Your task:
Exactly as written, reproduce all of the entries.

Stored data entries
###
Lemma cofactor_cauchy_mx m (x y : 'I_m.+1 -> R) (i j : 'I_m.+1) :
  (forall a b, x a + y b != 0) ->
  cofactor (cauchy_mx x y) j i * ((x j + y i) * prod_diff x j * prod_diff y i) =
  \det (cauchy_mx x y) * ((\prod_b (x j + y b)) * \prod_a (x a + y i)).
Proof.
move=> xy_neq0.
have minorE : row' j (col' i (cauchy_mx x y)) = cauchy_mx (x \o lift j) (y \o lift i).
  by apply/matrixP => a b; rewrite !mxE.
have denomE : cauchy_denom x y = cauchy_denom (x \o lift j) (y \o lift i) *
    (\prod_b (x j + y b)) * (\prod_a (x a + y i)) / (x j + y i).
  by rewrite -cauchy_denom_lift mulfK.
have [row_neq0 col_neq0] : \prod_b (x j + y b) != 0 /\ \prod_a (x a + y i) != 0.
  by split; apply/prodf_neq0 => a _.
have xy_lift_neq0 a b : (x \o lift j) a + (y \o lift i) b != 0 by apply: xy_neq0.
rewrite /cofactor minorE (det_cauchy_mx xy_lift_neq0) (det_cauchy_mx xy_neq0) denomE.
rewrite (vandermonde_prod_diff x j) (vandermonde_prod_diff y i).
rewrite (@signr_addn_subn _ m j i (ltn_ord j) (ltn_ord i)).
by field; rewrite row_neq0 col_neq0 cauchy_denom_neq0 ?xy_neq0.
Qed.

Lemma prod_diff_neq0 n (x : 'I_n -> R) j : injective x -> prod_diff x j != 0.
Proof.
by move=> x_inj; apply/prodf_neq0 => a a_neq_j; rewrite subr_eq0 (inj_eq x_inj) eq_sym.
Qed.

Section Symmetric.
Variables (m : nat) (x : 'I_m.+1 -> R).
Hypotheses (xx_neq0 : forall a b, x a + x b != 0) (x_inj : injective x).

Lemma det_cauchy_mx_sym : \det (cauchy_mx x x) =
  (\prod_(a < m.+1) \prod_(b < m.+1 | (a < b)%N) (x a - x b) ^+ 2) /
  \prod_(a < m.+1) \prod_(b < m.+1) (x a + x b).
Proof.
rewrite det_cauchy_mx // -expr2 -prodrXl; congr (_ / _).
by apply: eq_bigr => a _; rewrite -prodrXl; apply: eq_bigr => b _; rewrite -opprB sqrrN.
Qed.

Lemma cofactor_cauchy_mx_sym j i : cofactor (cauchy_mx x x) j i =
  \det (cauchy_mx x x) * ((\prod_b (x j + x b)) * \prod_a (x a + x i)) /
  ((x j + x i) * prod_diff x j * prod_diff x i).
Proof.
by rewrite -cofactor_cauchy_mx // mulfK // !mulf_neq0 ?prod_diff_neq0.
Qed.

Lemma cofactor_cauchy_mx_diag j : cofactor (cauchy_mx x x) j j =
  \det (cauchy_mx x x) * (2 * x j) * (\prod_(k < m.+1 | k != j) (x k + x j) ^+ 2) /
  \prod_(k < m.+1 | k != j) (x k - x j) ^+ 2.
Proof.
have diffE : \prod_(k < m.+1 | k != j) (x k - x j) ^+ 2 = prod_diff x j ^+ 2.
  by rewrite /prod_diff -prodrXl; apply: eq_bigr => k _; rewrite -opprB sqrrN.
have sumE : \prod_(k < m.+1 | k != j) (x k + x j) ^+ 2 =
    \prod_(k < m.+1 | k != j) (x j + x k) * \prod_(k < m.+1 | k != j) (x k + x j).
  by rewrite prodrXl expr2; congr (_ * _); apply: eq_bigr => k _; rewrite addrC.
rewrite cofactor_cauchy_mx_sym diffE sumE !(bigD1 j (P := predT)) //=.
by field; rewrite xx_neq0 prod_diff_neq0.
Qed.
###
Your solution:
Lemma cofactor_cauchy_mx m (x y : 'I_m.+1 -> R) (i j : 'I_m.+1) :
  (forall a b, x a + y b != 0) ->
  cofactor (cauchy_mx x y) j i * ((x j + y i) * prod_diff x j * prod_diff y i) =
  \det (cauchy_mx x y) * ((\prod_b (x j + y b)) * \prod_a (x a + y i)).
Proof.
move=> xy_neq0.
have minorE : row' j (col' i (cauchy_mx x y)) = cauchy_mx (x \o lift j) (y \o lift i).
  by apply/matrixP => a b; rewrite !mxE.
have denomE : cauchy_denom x y = cauchy_denom (x \o lift j) (y \o lift i) *
    (\prod_b (x j + y b)) * (\prod_a (x a + y i)) / (x j + y i).
  by rewrite -cauchy_denom_lift mulfK.
have [row_neq0 col_neq0] : \prod_b (x j + y b) != 0 /\ \prod_a (x a + y i) != 0.
  by split; apply/prodf_neq0 => a _.
have xy_lift_neq0 a b : (x \o lift j) a + (y \o lift i) b != 0 by apply: xy_neq0.
rewrite /cofactor minorE (det_cauchy_mx xy_lift_neq0) (det_cauchy_mx xy_neq0) denomE.
rewrite (vandermonde_prod_diff x j) (vandermonde_prod_diff y i).
rewrite (@signr_addn_subn _ m j i (ltn_ord j) (ltn_ord i)).
by field; rewrite row_neq0 col_neq0 cauchy_denom_neq0 ?xy_neq0.
Qed.

Lemma prod_diff_neq0 n (x : 'I_n -> R) j : injective x -> prod_diff x j != 0.
Proof.
by move=> x_inj; apply/prodf_neq0 => a a_neq_j; rewrite subr_eq0 (inj_eq x_inj) eq_sym.
Qed.

Section Symmetric.
Variables (m : nat) (x : 'I_m.+1 -> R).
Hypotheses (xx_neq0 : forall a b, x a + x b != 0) (x_inj : injective x).

Lemma det_cauchy_mx_sym : \det (cauchy_mx x x) =
  (\prod_(a < m.+1) \prod_(b < m.+1 | (a < b)%N) (x a - x b) ^+ 2) /
  \prod_(a < m.+1) \prod_(b < m.+1) (x a + x b).
Proof.
rewrite det_cauchy_mx // -expr2 -prodrXl; congr (_ / _).
by apply: eq_bigr => a _; rewrite -prodrXl; apply: eq_bigr => b _; rewrite -opprB sqrrN.
Qed.

Lemma cofactor_cauchy_mx_sym j i : cofactor (cauchy_mx x x) j i =
  \det (cauchy_mx x x) * ((\prod_b (x j + x b)) * \prod_a (x a + x i)) /
  ((x j + x i) * prod_diff x j * prod_diff x i).
Proof.
by rewrite -cofactor_cauchy_mx // mulfK // !mulf_neq0 ?prod_diff_neq0.
Qed.

Lemma cofactor_cauchy_mx_diag j : cofactor (cauchy_mx x x) j j =
  \det (cauchy_mx x x) * (2 * x j) * (\prod_(k < m.+1 | k != j) (x k + x j) ^+ 2) /
  \prod_(k < m.+1 | k != j) (x k - x j) ^+ 2.
Proof.
have diffE : \prod_(k < m.+1 | k != j) (x k - x j) ^+ 2 = prod_diff x j ^+ 2.
  by rewrite /prod_diff -prodrXl; apply: eq_bigr => k _; rewrite -opprB sqrrN.
have sumE : \prod_(k < m.+1 | k != j) (x k + x j) ^+ 2 =
    \prod_(k < m.+1 | k != j) (x j + x k) * \prod_(k < m.+1 | k != j) (x k + x j).
  by rewrite prodrXl expr2; congr (_ * _); apply: eq_bigr => k _; rewrite addrC.
rewrite cofactor_cauchy_mx_sym diffE sumE !(bigD1 j (P := predT)) //=.
by field; rewrite xx_neq0 prod_diff_neq0.
Qed.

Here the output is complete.